Before checking the similarity of two objects, a sequence of operations needs to be performed. Four operations are proposed in Figure 1, and explained in subsequent sections of this paper. After this step, the object A and localized (translated, rotated and scaled) solid B^{’} are available for input to the comparison algorithms.
Figure 1: A Preliminary
step (Clikc here for a larger image.)
An umbilical point is a point on a surface where all the normal curvatures are equal in all directions. All the points in planar and spherical surface regions are umbilics. There are two categories of isolated umbilics: one is generic and the other is nongeneric. Generic umbilics are stable with respect to small perturbations of the function representing the surface, while nongeneric umbilics are unstable [2,18,20,12,15].
Generic umbilics have three different types called star, (le) monstar and lemon based on the pattern of the lines of curvature in the vicinity of the umbilics as shown in Figure 2. They are stable with respect to small perturbations of the surface. An input NURBS surface is decomposed into rational Bézier patches using the knot insertion technique and each rational Bézier patch is supplied to set up governing equations. The governing equations for locating umbilics consist of three polynomial equations with two unknowns when input surfaces are in integral/rational Bézier forms. The system of nonlinear polynomial equations can be solved robustly and accurately by the Interval Projected Polyhedron (IPP) algorithm [19,15]. One line of curvature passes for the lemon type umbilical point whereas three pass throught the umbilical point of monstar or star types. The criterion distinguishing between monstar and star types is that all three directions of lines of curvature through a monstar umbilic are contained in a right angle, whereas in the star type umbilical point case, they are not enclosed in a right angle [12]. Given two umbilical points of same type i.e. star type, then we can compute the distributions of the angles formed by two consecutive lines of curvature at the umbilical points. Using the distributions, two umbilical points of same type can be distinguished. For more details, see [12,15].
Figure 2: Three generic umbilics adopted from [15]
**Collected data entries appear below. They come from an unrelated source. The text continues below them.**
Lemma ge0_sum_integral_le_integral (I : eqType) (W : I -> set R) (s : seq I) (f : R -> \bar R) :
  (forall i, measurable (W i)) -> uniq s -> trivIset [set` s] W ->
  measurable_fun setT f -> (forall x, (0 <= f x)%E) ->
  (\sum_(i <- s) \int[lebesgue_measure]_(x in W i) f x <=
   \int[lebesgue_measure]_(x in setT) f x)%E.
Proof.
move=> mW s_uniq W_disj mf f_ge0.
rewrite -ge0_integral_bigsetU //; last exact: measurable_funS mf.
by apply: ge0_subset_integral => //; apply: bigsetU_measurable => i _; apply: mW.
Qed.

End JumpWindow.

Section CesmLowerBound.
Variables (R : realType) (N : nat) (lam : 'I_N -> R) (delta : R).
Hypotheses (delta_gt0 : 0 < delta)
  (lam_sep : forall a b, a != b -> delta <= `|lam a - lam b|).

Lemma integral_cesm_window_ge (G : R -> R) (j : 'I_N) :
  measurable_fun setT G ->
  (forall x, lam j - delta / 2 <= x < lam j + delta / 2 -> G x = G (lam j)) ->
  ((delta / 2 / N%:R)%:E <=
   \int[lebesgue_measure]_(x in [set` `[lam j - delta / 2, lam j + delta / 2[%R]%classic)
     (`|cesm lam x - G x|)%:E)%E.
Proof.
move=> mG G_win; rewrite -[N%:R^-1]ger0_norm ?invr_ge0 ?ler0n //.
apply: (integral_jump_window_ge (c := cesm lam (lam j)) (g := G (lam j))) => //.
- by rewrite divr_gt0.
- exact: measurable_cesm.
- move=> x /andP[? ?]; apply: (cesm_left_of_eigenvalue lam_sep).
  by apply/andP; split; lra.
- move=> x /andP[? ?]; apply: (cesm_right_of_eigenvalue lam_sep).
  by apply/andP; split; lra.
Qed.

Lemma dW_cesm_ge (T : finType) (th : T -> R) (G : R -> R) :
  measurable_fun setT G ->
  (forall x y, (forall l, (th l <= x) = (th l <= y)) -> G x = G y) ->
  (((N - #|T|)%:R * delta / (2 * N%:R))%:E <= dW (cesm lam) G)%E.
Proof.
move=> mG G_ext.
pose win j : interval R := `[lam j - delta / 2, lam j + delta / 2[%R.
have win_uniq j j' x : x \in win j -> x \in win j' -> j = j'.
  rewrite !in_itv /= => /andP[? ?] /andP[? ?]; apply/eqP; apply: contraT.
  by move/lam_sep; rewrite ler_normr => /orP[] ?; lra.
pose unhit := [set j | [forall l, ~~ (th l \in win j)]].
have unhit_ge : (N - #|T| <= #|unhit|)%N.
  have := card_unhit_ge (fun j j' l => @win_uniq j j' (th l)).
  by rewrite card_ord; apply.
have win_ge j : j \in unhit -> ((delta / 2 / N%:R)%:E <=
    \int[lebesgue_measure]_(x in [set` win j]%classic) (`|cesm lam x - G x|)%:E)%E.
  rewrite inE => /forallP unhit_j; apply: integral_cesm_window_ge => // x /andP[? ?].
  apply: G_ext => l; move: (unhit_j l); rewrite in_itv /= negb_and -ltNge -leNgt.
  by case/orP => ?; apply/idP/idP => ?; lra.
rewrite /dW; apply: le_trans (ge0_sum_integral_le_integral (W := fun j => [set` win j]%classic)
  (s := enum unhit) _ (enum_uniq _) _ _ _); first last.
- by move=> x; rewrite lee_fin.
- by apply/measurable_EFinP/measurableT_comp/measurable_funB => //; apply: measurable_cesm.
- by move=> i j _ _ [x [? ?]]; apply: (win_uniq _ _ x).
- by move=> j; apply: measurable_itv.
rewrite big_enum /=.
apply: (@le_trans _ _ (\sum_(j in unhit) (delta / 2 / N%:R)%:E)%E); last exact: lee_sum.
rewrite sumEFin sumr_const lee_fin -[leRHS]mulr_natl.
have -> : (N - #|T|)%:R * delta / (2 * N%:R) = (N - #|T|)%:R * (delta / 2 / N%:R).
  by rewrite invfM; ring.
by rewrite ler_wpM2r ?ler_nat // divr_ge0 ?ler0n ?divr_ge0 ?ltW.
Qed.

Lemma dW_cesm_avg_disc_cdf_ge (nv k : nat) (theta d : 'I_nv -> 'I_k -> R) :
  (((N - nv * k)%:R * delta / (2 * N%:R))%:E <=
   dW (cesm lam) (fun x => (nv%:R^-1 * \sum_(i < nv) disc_cdf (theta i) (d i) x)%R))%E.
Proof.
set G := fun x => _.
have mG : measurable_fun setT G.
  apply: measurable_funM => //; apply: measurable_sum => i.
  exact: measurable_disc_cdf.
have G_ext x y : (forall l : 'I_nv * 'I_k, (theta l.1 l.2 <= x) = (theta l.1 l.2 <= y)) ->
    G x = G y.
  move=> eq_xy; congr (_ * _); apply: eq_bigr => i _.
  by apply: disc_cdf_ext => j; apply: (eq_xy (i, j)).
by have := dW_cesm_ge mG G_ext; rewrite card_prod !card_ord.
Qed.

End CesmLowerBound.

Section DiagonalSpectrum.
Variables (R : realType) (N : nat).

Lemma spectral_decomp_diag (d : 'I_N -> R) : spectral_decomp (diag_mx (\row_i d i)) 1%:M d.
Proof. by split; rewrite trmx1 ?mul1mx ?mulmx1. Qed.

Lemma spread_le (lam : 'I_N -> R) (lo hi : R) :
  lo <= hi -> (forall i, lo <= lam i <= hi) -> spread lam <= hi - lo.
Proof.
move=> le_lohi lam_in; apply: bigmax_le => [|i _]; first lra.
apply: bigmax_le => [|j _]; first lra.
move: (lam_in i) (lam_in j) => /andP[? ?] /andP[? ?].
by rewrite ler_norml; apply/andP; split; lra.
Qed.

Variables (Q : 'M[R]_N) (lam : 'I_N -> R).
Hypothesis QD : spectral_decomp (diag_mx (\row_(i < N) i.+1%:R)) Q lam.

Let lam_succ : exists2 f : 'I_N -> 'I_N, injective f & forall j, lam j = (f j).+1%:R.
Proof.
apply: (spectral_decomp_diag_eigenvalues QD) => i j /eqP.
by rewrite eqr_nat eqSS => /eqP/val_inj.
Qed.

Lemma diag_succ_eigen_sep (a b : 'I_N) : a != b -> 1 <= `|lam a - lam b|.
Proof.
have [f f_inj lamE] := lam_succ; move=> ne_ab.
rewrite !lamE; apply: norm_intr_ge1; first by rewrite rpredB ?natr_int.
by rewrite subr_eq0 eqr_nat eqSS; apply: contra ne_ab => /eqP/val_inj/f_inj ->.
Qed.

Lemma diag_succ_spread : (0 < N)%N -> spread lam <= N%:R - 1.
Proof.
have [f _ lamE] := lam_succ; move=> N_gt0.
apply: spread_le => [|j]; first by rewrite ler1n.
by rewrite lamE ler1n ler_nat ltn_ord.
Qed.

End DiagonalSpectrum.

Lemma ceil_inv_gap (R : realType) (t : R) (N M : nat) :
  0 < t -> N%:Z = Num.ceil (4 * t)^-1 -> M%:R < (8 * t)^-1 ->
  t * (N%:R - 1) < (N - M)%:R / (2 * N%:R).
Proof.
move=> t_gt0 NZ M_lt; set x := (4 * t)^-1 in NZ.
have NR : N%:R = (Num.ceil x)%:~R :> R by rewrite -NZ.
have x_le_N : x <= N%:R by rewrite NR ceil_ge.
have N_lt : N%:R - 1 < x by rewrite NR -(intrB _ _ 1) ceilB1_lt.
have x_gt0 : 0 < x by rewrite invr_gt0 mulr_gt0.
have t_neq0 : t != 0 by rewrite gt_eqF.
have tx : t * x = 4^-1 by rewrite /x; field; rewrite t_neq0.
have inv8t : (8 * t)^-1 = x / 2 by rewrite /x; field; rewrite t_neq0.
rewrite inv8t in M_lt.
have M_le : (M <= N)%N by rewrite -(ler_nat R); lra.
have lt_quarter : t * (N%:R - 1) < 4^-1 by rewrite -tx ltr_pM2l.
rewrite natrB // ltr_pdivlMr; nra.
Qed.

Theorem theorem4 (R : realType) (t : R) :
  0 < t < 1 ->
  exists (N : nat) (A : 'M[R]_N),
    [/\ N%:Z = Num.ceil (4 * t)^-1,
        A^T = A,
        (exists (Q : 'M[R]_N) (lam : 'I_N -> R), spectral_decomp A Q lam) &
        forall (Q : 'M[R]_N) (lam : 'I_N -> R), spectral_decomp A Q lam ->
        forall (nv k : nat), (0 < nv)%N -> (0 < k)%N ->
          (nv * k)%:R < (8 * t)^-1 ->
        forall v : 'I_nv -> 'cV[R]_N, (forall i, unit_vec (v i)) ->
        forall theta d : 'I_nv -> 'I_k -> R,
          (forall i, is_GQ_wsm Q lam (v i) (theta i) (d i)) ->
          ((t * spread lam)%:E <
             dW (cesm lam)
                (fun x => (nv%:R^-1 * \sum_(i < nv) disc_cdf (theta i) (d i) x)%R))%E].
Proof.
move=> /andP[t_gt0 _].
have ceil_pos : 0 < Num.ceil (4 * t)^-1 by rewrite ceil_gt0 invr_gt0 mulr_gt0.
have [N NZ] : exists N : nat, N%:Z = Num.ceil (4 * t)^-1.
  by exists `|Num.ceil (4 * t)^-1|%N; rewrite gez0_abs // ltW.
have N_gt0 : (0 < N)%N by rewrite -(ltz_nat 0) NZ.
exists N, (diag_mx (\row_(i < N) i.+1%:R)); split => //.
- exact: tr_diag_mx.
- by exists 1%:M, (fun i : 'I_N => i.+1%:R); apply: spectral_decomp_diag.
move=> Q lam QD nv k _ _ nvk_lt v _ theta d _.
apply: lt_le_trans (dW_cesm_avg_disc_cdf_ge ltr01 (diag_succ_eigen_sep QD) theta d).
rewrite lte_fin mulr1; apply: le_lt_trans _ (ceil_inv_gap t_gt0 NZ nvk_lt).
by rewrite ler_wpM2l ?(ltW t_gt0) // (diag_succ_spread QD).
Qed.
A curve on a surface whose tangent at each point is in a principal curvature direction is called a line of curvature [12]. At each point there are two principal directions (maximum and minimum) that are orthogonal so that the corresponding lines of curvature form an orthogonal net of lines. Lines of curvature are intrinsic to the surface and do not depend on coordinate transformations and parameterization of the surface. The same orthogonal net of lines is always obtained as long as the surface shape remains unchanged.
Lines of curvature on a parametric surface can be computed from a set of differential equations with respect to the arc length. An integration method such as fourth order RungeKutta method or Adam’s method with variable step size may be used to find the solution [3,12].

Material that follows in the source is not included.